Malam ini begitu indah banyak bintang bersinar terang yang menemani sanga bulan sabit yang menjadi penerang utama langit gelap ini, desi tersenyum karena joxi telah datang di hadapannya lebih cepat dari perkiraannya “beraninya kauuu..” teriak joxi saat melihat teman temannya pingsan “ini semua karena mu, aku kira kau hanya mencintai ku tapi kau lebih kejam dari psikopat harusnya kau jangan melakukan itu pada kara dan aku” mata joxi dan mata desi kini bertabrakan terpampang jelas ekspresi kekesalan di wajah mereka “maju lah biar aku sentil ginjal mu” mendengar perkataan desi bibir joxi langsung tersenyum dan berlari lah dirinya.
“Dor.. Akhh!” desi tersenyum saat peluru yang di lesatkan di pistolnya besarang di bahu kanan joxi dan kini dengan langkah santai desi menghampiri joxi yang terduduk di lantai “kau pikir kau yang paling berkuasa di sini?
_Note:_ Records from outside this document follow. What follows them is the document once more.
Theorem proposition4p9 (F : finFieldType) (n : nat) (W g V : 'M[F]_n) :
  is_BTn W g V ->
  let a : nat := \rank (W :&: perp V)%MS in
  let b : nat := \rank (V :&: perp W)%MS in
  let c : nat := pairing_rank W V in
  exists2 x : 'M[F]_n, x \in unitmx &
    [/\ (act_V x V == @V_normal F n b c)%MS,
        (act_W x W == @W_normal F n a c)%MS &
        block_form a b c (act_g x g)].
Proof.
move=> BT a b c.
have rankW : \rank W = (a + c)%N := esym (mxrank_cap_perp W V).
have rankV : \rank V = (b + c)%N by rewrite -(mxrank_cap_perp V W) pairing_rankC.
have [x x_unit [perp_rows sWx]] := adapted_basis (perp V) W.
rewrite -/a rankW addKn in sWx.
have sV : (act_V x V <= V_normal F n b c)%MS.
  apply: act_V_sub_coord_span => i; rewrite -ltnNge => lt_i.
  by apply: perp_rows; rewrite mxrank_perp rankV subnDA.
have sW : (act_W x W <= W_normal F n a c)%MS.
  by rewrite /act_W -(mulmxK x_unit (W_normal F n a c)) submxMr.
have eqV : (act_V x V == V_normal F n b c)%MS.
  rewrite -(mxrank_leqif_eq sV).2 eqn_leq mxrankS //=.
  by rewrite /act_V mxrankMfree ?row_free_unit ?unitmx_tr // rankV mxrank_V_normal.
have eqW : (act_W x W == W_normal F n a c)%MS.
  rewrite -(mxrank_leqif_eq sW).2 eqn_leq mxrankS //=.
  by rewrite /act_W mxrankMfree ?row_free_unit ?unitmx_inv // rankW mxrank_W_normal.
exists x => //; split=> //.
apply: BTn_block_form (act_BTn x_unit BT) _ _.
  by case/andP: eqV.
by case/andP: eqW.
Qed.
Kau salah memilih mainan jox, apa kau tidak tahu pegulat black rose yang sangat kuat itu?” mata joxi langsung membelalak Karena sangat terkejut nya dirinya dengan perkataan desi yang datar itu.
“hmm.. bruakk!” desi langsung menendang dada joxi hingga pria tampan itu pingsan “arti black rose adalah bunga indah di kegelapan dan aku lah bunga itu!” selesai mengatakan itu desi langsung melangkah kan kakinya pergi dari stadium itu dan kini dirinya pun sudah kembali di sebuah club malam yang di sana selalu ada pertarungan adu jotos dengan bayaran mahal.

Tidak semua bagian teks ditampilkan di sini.